The lesson is to start early

Andrew Green, writing in World Politics Review, says that “the first lesson in removing term limits is to start early.” This is the lesson he says Ugandan President Yoweri Museveni applied. Before Ugandan Parliament approved a constitutional change that allowed Museveni to run for the unprecedented sixth term, the former army rebel famously promised that his 2001 presidential campaign, his second after Uganda returned to electoral democracy in 1996, would also be his last.

But before his term was even halfway over, a movement was initiated among the National Resistance Movement (NRM) members to lift the two-term limit established in the 1995 constitution. The effort was formalized during the 2003 party leadership retreat. President Museveni too in the beginning denied orchestrating the movement but took no steps to quash it. Instead, as Green points out in his analysis, he proclaimed himself captive to the will of the people. If Ugandans were intent on drafting him, he maintained, how could he refuse?

The December 19, 2015 decision by Rwanda to approve a referendum to amend the country’s constitution to permit the current president, Paul Kagame, to remain in office for a third seven-year term beginning in 2017, to be followed by two possible five-year terms, was in contrast to what Mr Kagame promised that he would step down in that year. But again, how could he do it if a ‘resounding 98 per cent’ of voters in a referendum ‘wanted’ him to remain? The people, then, ‘forced’ him to stay.
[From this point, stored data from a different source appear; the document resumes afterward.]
Lemma Xrow_top z a b :
  Xrow z a b = Xrow z 0 0 + a *: runit (iu N) + b *: runit (iv N).
Proof.
have uN : (0 < iu N < n)%N by rewrite /ncoord; lia.
have vN : (0 < iv N < n)%N by rewrite /ncoord; lia.
apply: rcoord_inj => i /coordP[->|->|i' i'N ->|i' i'N ->|j jk ->];
  rewrite !rcoordD !rcoordZ !rcoord_runit //.
- by rewrite !rcoord_Xrow_x !mulr0 !addr0.
- by rewrite !rcoord_Xrow_y !mulr0 !addr0.
- rewrite !rcoord_Xrow_u //; case: ltnP => i'N'; eval_eqn;
  by rewrite ?mulr0n ?mulr1n ?mulr0 ?mulr1 ?addr0 ?add0r.
- rewrite !rcoord_Xrow_v //; case: ltnP => i'N'; eval_eqn;
  by rewrite ?mulr0n ?mulr1n ?mulr0 ?mulr1 ?addr0 ?add0r.
- by rewrite !rcoord_Xrow_psi //; eval_eqn; rewrite !mulr0n !mulr0 !addr0.
Qed.

Lemma Xrow_shift z s c :
  (iu 0 <= c)%N -> (c.+1 < iv N.+1)%N -> c.+1 != iv 0 ->
  Xrow (z + s *: runit c.+1) 0 0 = Xrow z 0 0 + s *: runit c.
Proof.
move=> c2 cM cv0; have cn : (0 < c < n)%N by rewrite /ncoord; lia.
have c1n : (0 < c.+1 < n)%N by rewrite /ncoord; lia.
apply: rcoord_inj => i /coordP[->|->|i' i'N ->|i' i'N ->|j jk ->];
  rewrite rcoordD rcoordZ rcoord_runit //.
- by rewrite !rcoord_Xrow_x; eval_eqn; rewrite mulr0n mulr0 addr0.
- by rewrite !rcoord_Xrow_y; eval_eqn; rewrite mulr0n mulr0 addr0.
- rewrite !rcoord_Xrow_u //; case: ltnP => i'N'; eval_eqn.
    by rewrite rcoordD rcoordZ rcoord_runit // addnS eqSS.
  by rewrite mulr0n mulr0 addr0.
- rewrite !rcoord_Xrow_v //; case: ltnP => i'N'; eval_eqn.
    by rewrite rcoordD rcoordZ rcoord_runit // addnS eqSS.
  by rewrite mulr0n mulr0 addr0.
- rewrite !rcoord_Xrow_psi // Xc_row_jet_shift //; last by lia.
  by eval_eqn; rewrite mulr0n mulr0 addr0.
Qed.

Lemma diff_row_sum (g : 'rV[R]_n -> R) z w :
  'd g z w = \sum_(0 <= i < n) rcoord w i * 'd g z (runit i).
Proof.
rewrite {1}(row_sum_delta w) linear_sum big_mkord; apply: eq_bigr => i _.
by rewrite linearZ /= /rcoord /runit inord_val.
Qed.

Lemma diff_row_sum_xypsi (g : 'rV[R]_n -> R) z w :
  (forall i, (iu 0 <= i < iv N.+1)%N -> 'd g z (runit i) = 0) ->
  'd g z w = rcoord w 0 * 'd g z (runit 0) + rcoord w 1 * 'd g z (runit 1)
    + \sum_(0 <= j < k.-1) rcoord w (ipsi j) * 'd g z (runit (ipsi j)).
Proof.
move=> jets0.
have uv0 : \sum_(iu 0 <= i < iv N.+1) rcoord w i * 'd g z (runit i) = 0.
  by rewrite big_nat_cond big1 // => i /andP[/jets0 -> _]; rewrite mulr0.
rewrite diff_row_sum (@big_cat_nat _ _ _ (iv N.+1)) /=; [|lia|by rewrite /ncoord; lia].
rewrite (@big_cat_nat _ _ _ (iu 0)) //= uv0 addr0 big_ltn // big_nat1.
congr (_ + _); rewrite -{1}[iv N.+1]add0n big_addn.
by rewrite (_ : n - iv N.+1 = k.-1)%N //; rewrite /ncoord; lia.
Qed.

Section InvariantFunctions.
Variables (U : set 'rV[R]_n) (g : 'rV[R]_n -> R).
Hypotheses (oU : open U) (dg : forall z, U z -> differentiable g z).
Hypothesis gX :
  forall p : jet R, U (jproj k N p) -> Dxk k (fun q => g (jproj k N q)) p = 0.
Hypothesis gY :
  forall p : jet R, U (jproj k N p) -> Dyk k (fun q => g (jproj k N q)) p = 0.

Lemma diff_Xrow z a b : U z -> 'd g z (Xrow z a b) = 0.
Proof.
move=> Uz; have := @gX (row_jet z a b).
by rewrite /Dxk vfield_jproj jproj_row_jet //; [apply | apply: dg].
Qed.

Lemma diff_Yrow z : U z -> 'd g z (Yrow z) = 0.
Proof.
move=> Uz; have := @gY (row_jet z 0 0).
by rewrite /Dyk vfield_jproj jproj_row_jet //; [apply | apply: dg].
Qed.

Lemma diff_top_jets z :
  U z -> 'd g z (runit (iu N)) = 0 /\ 'd g z (runit (iv N)) = 0.
Proof.
move=> Uz; have := diff_Xrow 1 0 Uz; have := diff_Xrow 0 1 Uz.
rewrite [Xrow z 0 1]Xrow_top [Xrow z 1 0]Xrow_top !linearD !linearZ /=.
by rewrite diff_Xrow // !scale0r !scale1r !add0r !addr0 => -> ->.
Qed.

Lemma diff_lower_jet c :
  (iu 0 <= c)%N -> (c.+1 < iv N.+1)%N -> c.+1 != iv 0 ->
  (forall y, U y -> 'd g y (runit c.+1) = 0) ->
  forall z, U z -> 'd g z (runit c) = 0.
Proof.
move=> c2 cM cv0 dc z Uz.
have [d d0 near_z] := diff_dir0_shift_invariant oU dg dc Uz.
have d20 : 0 < d / 2 by rewrite divr_gt0.
have [Uzs gs] : U (z + d / 2 *: runit c.+1) /\
    \forall y \near z, g (y + d / 2 *: runit c.+1) = g y.
  by apply: near_z; rewrite gtr0_norm // ltr_pdivrMr // ltr_pMr // ltr1n.
have := diff_Xrow 0 0 Uzs; rewrite Xrow_shift //.
move/(etrans (esym (shift_invariant_diff _ (dg Uz) (dg Uzs) gs))).
rewrite linearD linearZ /= diff_Xrow // add0r => /eqP.
by rewrite scaler_eq0 gt_eqF //= => /eqP.
Qed.

Lemma diff_jets_from_top o : o = 2%N \/ o = (2 + N.+1)%N ->
  (forall z, U z -> 'd g z (runit (o + N)) = 0) ->
  forall a z, (a <= N)%N -> U z -> 'd g z (runit (o + a)) = 0.
Proof.
move=> o_jet top0 a z aN; rewrite -(subKn aN); move: z.
elim: (N - a)%N (leq_subr a N) => [|r IH] rN; first by rewrite subn0.
apply: (diff_lower_jet (c := (o + (N - r.+1))%N)); try lia.
by rewrite -addnS -subSn // subSS; apply: IH; lia.
Qed.

Lemma diff_jets0 z i : U z -> (iu 0 <= i < iv N.+1)%N -> 'd g z (runit i) = 0.
Proof.
move=> Uz i_jet; have [i_u|i_v] := ltnP i (iv 0).
  have -> : i = iu (i - 2) by lia.
  apply: (diff_jets_from_top (or_introl erefl)) => //; last by lia.
  by move=> y /diff_top_jets[].
have -> : i = iv (i - iv 0) by lia.
apply: (diff_jets_from_top (or_intror erefl)) => //; last by lia.
by move=> y /diff_top_jets[].
Qed.

Lemma diff_x_psi0 z : U z -> 'd g z (runit 0) = 0 /\
  forall j, (j < k.-1)%N -> 'd g z (runit (ipsi j)) = 0.
Proof.
move=> Uz.
have u0 y : U y -> 'd g y (runit (iu 0)) = 0 by move/diff_jets0; apply; lia.
have [d d0 near_z] := diff_dir0_shift_invariant oU dg u0 Uz.
pose q j :=
  X_poly (rcoord z (iu 0)) (rcoord z (iv 0)) (Defs.psi (row_jet z 0 0)) (j + 3).
apply: (triangular_comb_eq0 (q := q)) => [j|]; first exact: X_poly_top.
apply: (poly_eq0_near0 d0) => s /near_z[Uzs gs].
have := diff_Xrow 0 0 Uzs.
move/(etrans (esym (shift_invariant_diff _ (dg Uz) (dg Uzs) gs))) => <-.
rewrite [RHS](diff_row_sum_xypsi _ (fun i => diff_jets0 Uz)).
rewrite rcoord_Xrow_x rcoord_Xrow_y mul0r addr0 mul1r hornerD hornerC horner_sum.
congr (_ + _).
apply: eq_big_nat => j jk; rewrite hornerZ horner_X_poly rcoord_Xrow_psi //.
by rewrite Xc_row_jet_shift_u0 mulrC.
Qed.

Lemma diff_along_y z w : U z -> 'd g z w = rcoord w 1 * 'd g z (runit 1).
Proof.
move=> Uz; have [x0 psi0] := diff_x_psi0 Uz.
rewrite (diff_row_sum_xypsi _ (fun i => diff_jets0 Uz)) x0 mulr0 add0r.
by rewrite big_nat big1 ?addr0 // => j /andP[_ /psi0 ->]; rewrite mulr0.
Qed.

Lemma diff_eq0 z w : U z -> 'd g z w = 0.
Proof.
move=> Uz; have := diff_Yrow Uz.
rewrite (diff_along_y _ Uz) rcoord_Yrow_y mul1r => y0.
by rewrite (diff_along_y _ Uz) y0 mulr0.
Qed.

End InvariantFunctions.
End JetCoordinates.

Theorem mainTheorem6 (R : realType) (k N : nat) (hk : (2 <= k)%N)
    (U : set 'rV[R]_(ncoord k N)) (g : 'rV[R]_(ncoord k N) -> R) :
  open U -> connected U ->
  (forall z, U z -> u0_of k N z != v0_of k N z) ->
  smooth_on U g ->
  (forall p : jet R, U (jproj k N p) ->
      Dxk k (fun q => g (jproj k N q)) p = 0) ->
  (forall p : jet R, U (jproj k N p) ->
      Dyk k (fun q => g (jproj k N q)) p = 0) ->
  exists c : R, forall z, U z -> g z = c.
Proof.
move=> oU cU _ g_smooth gX gY.
have dg z : U z -> differentiable g z := g_smooth [::] z.
exact: connected_diff0_cst oU cU dg (fun z w => diff_eq0 oU dg gX gY w).
Qed.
In May 2018, Burundians overwhelmingly approved a new constitution that ushered in changes that could let President Pierre Nkurunziza stay in power to 2034. Although President Nkurunziza said he would step down in 2020 and not seek another term in office, many doubt his seriousness to honour the promise especially after he violated the 2005-Arusha Accords. The Accords, which ended Burundi’s civil war, recognised that the conflict stemmed from a “struggle by the political class to accede to and/or remain in power.” It enshrined term limits as a mechanism to ensure equal opportunity to serve in government.
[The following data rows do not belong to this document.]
Lemma partial_sum_le_sum (u : nat -> LC) (s : LC) : (forall n, lc_pos (u n)) ->
  lc_series_to u s -> forall n, lc_le (lc_partial u n) s.
Proof.
move=> u_pos us n; apply: lc_leNlt => sn.
have ds : lc_lt (lc_sub s (lc_sub (lc_partial u n) s)) s.
  by apply: pos_fn_ext sn => q /=; ring.
have [N uN] := us _ _ ds sn; have [_ Nn] := uN (n + N)%N (leq_addl _ _).
apply: pos_fn_oppF Nn (partial_sum_mono u_pos (leq_addr N n)) _ => q /=; ring.
Qed.

Section Interleaving.
Variables (u v w : nat -> LC).
Hypotheses (u_pos : forall n, lc_pos (u n)) (v_pos : forall n, lc_pos (v n)).
Hypotheses (w_even : forall n, w n.*2 = u n) (w_odd : forall n, w n.*2.+1 = v n).

Lemma interleave_partial n q :
  lc_partial w n.*2 q = lc_partial u n q + lc_partial v n q /\
  lc_partial w n.*2.+1 q = lc_partial u n.+1 q + lc_partial v n q.
Proof.
elim: n => [|n [IHeven IHodd]]; first by rewrite /= w_even /=; split; ring.
rewrite doubleS /= IHeven w_even w_odd -doubleS w_even /=; split; ring.
Qed.

Variables (s t : LC).
Hypotheses (us : lc_series_to u s) (vt : lc_series_to v t).

Lemma interleave_partial_bounds k : exists2 n, (k <= n.*2.+1)%N &
  lc_le (lc_add (lc_partial u n) (lc_partial v n)) (lc_partial w k) /\
  lc_le (lc_partial w k) (lc_add s t).
Proof.
have us_n m := (lc_leE _ _).1 (partial_sum_le_sum u_pos us m).
have vt_n m := (lc_leE _ _).1 (partial_sum_le_sum v_pos vt m).
have [n [->|->]] : exists n, k = n.*2 \/ k = n.*2.+1.
  exists k./2; have := odd_double_half k; set m := k./2.
  by case: (odd k) => <-; [right; rewrite add1n | left; rewrite add0n].
- exists n => //; split; apply/lc_leE.
    by left=> q; rewrite (interleave_partial n q).1 /= subrr.
  apply: nneg_fn_ext (nneg_fnD (us_n n) (vt_n n)) => q.
  by rewrite (interleave_partial n q).1 /=; ring.
- exists n => //; split; apply/lc_leE.
    right; apply: pos_fn_ext (u_pos n) => q.
    by rewrite (interleave_partial n q).2 /=; ring.
  apply: nneg_fn_ext (nneg_fnD (us_n n.+1) (vt_n n)) => q.
  by rewrite (interleave_partial n q).2 /=; ring.
Qed.

Lemma interleave_series : lc_series_to w (lc_add s t).
Proof.
move=> a b a_lt b_gt.
have [N1 uN1] : exists N1, forall n, (N1 <= n)%N -> lc_lt (lc_sub a t) (lc_partial u n).
  by apply: cvg_eventually_gt us _; apply: pos_fn_ext a_lt => q /=; ring.
have [N2 vN2] : exists N2, forall n, (N2 <= n)%N ->
    lc_lt (lc_sub a (lc_partial u N1)) (lc_partial v n).
  apply: cvg_eventually_gt vt _; apply: pos_fn_ext (uN1 N1 (leqnn _)) => q /=; ring.
exists (N1 + N2).*2.+2 => k Nk; have [n kn [lo hi]] := interleave_partial_bounds k.
have Nn : (N1 + N2 <= n)%N.
  by have := leq_trans Nk kn; rewrite ltnS ltn_double; exact: ltnW.
have u_mono := partial_sum_mono u_pos (leq_trans (leq_addr N2 N1) Nn).
have v_mono := partial_sum_mono v_pos (leq_trans (leq_addl N1 N2) Nn).
split; last by apply: pos_fn_ext (nneg_pos_fnD ((lc_leE _ _).1 hi) b_gt) => q /=; ring.
have := nneg_pos_fnD ((lc_leE _ _).1 lo) (nneg_pos_fnD (nneg_fnD u_mono v_mono)
  (vN2 N2 (leqnn _))).
by apply: pos_fn_ext => q /=; ring.
Qed.

End Interleaving.

Definition interleave (T : Type) (x y : nat -> T) (j : nat) : T :=
  if odd j then y j./2 else x j./2.

Lemma interleave_even (T : Type) (x y : nat -> T) n : interleave x y n.*2 = x n.
Proof. by rewrite /interleave odd_double half_double. Qed.

Lemma interleave_odd (T : Type) (x y : nat -> T) n : interleave x y n.*2.+1 = y n.
Proof. by rewrite /interleave /= odd_double /= uphalf_double. Qed.

(* Every cover sum is nonnegative: it bounds the empty partial sum. *)
Lemma cover_sum_ge0 (A : set LC) (s : LC) : cover_sums A s -> lc_le lc0 s.
Proof. by move=> [k [a [b [ab [_ abs]]]]]; exact: (partial_sum_le_sum ab abs 0). Qed.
These are but few cases from neighbouring countries that are Tanzania’s colleagues in the East African Community (EAC). Although it can arguably be said that the circumstances in the countries differ with those in Tanzania still they can be helpful to make sense of what is likely to in the country in future.

Term limit removals and instability

But undoing term limit is dangerous and have had serious repercussions elsewhere. The analysis by the Africa Center for Strategic Studies, for example, warn against removing term limit, saying the practice may endanger the particular country’s political stability. It notes that a third of the 18 countries that have undone term limit is currently facing armed conflict. In contrast, just two of the 21 countries with term limits are in conflict.

In the same vein, an assessment by the Kofi Anan Foundation has pointed out that initiatives to change or sidestep presidential term limits are often presented as a response to popular demand, yet tend to be deeply polarizing. Several recent instances have led to significant unrest and even violence and help to make this point vivid. Notable examples are Burkina Faso in 2014, where an initiative to allow the President to run for a third term led to his fall, and Burundi in 2015, where a military coup failed but strong opposition continued against the President’s third bid, launched after a favourable ruling by the Supreme Court.

Whether or not Tanzania’s government plans to undo the term limit, analysts have pointed out that the issue needs to be approached as a matter of maintaining confidence in a country’s electoral process and political system. The focus, as the Kofi Anan Foundation’s analysis shows, should be on the process by which term limits might be amended or interpreted.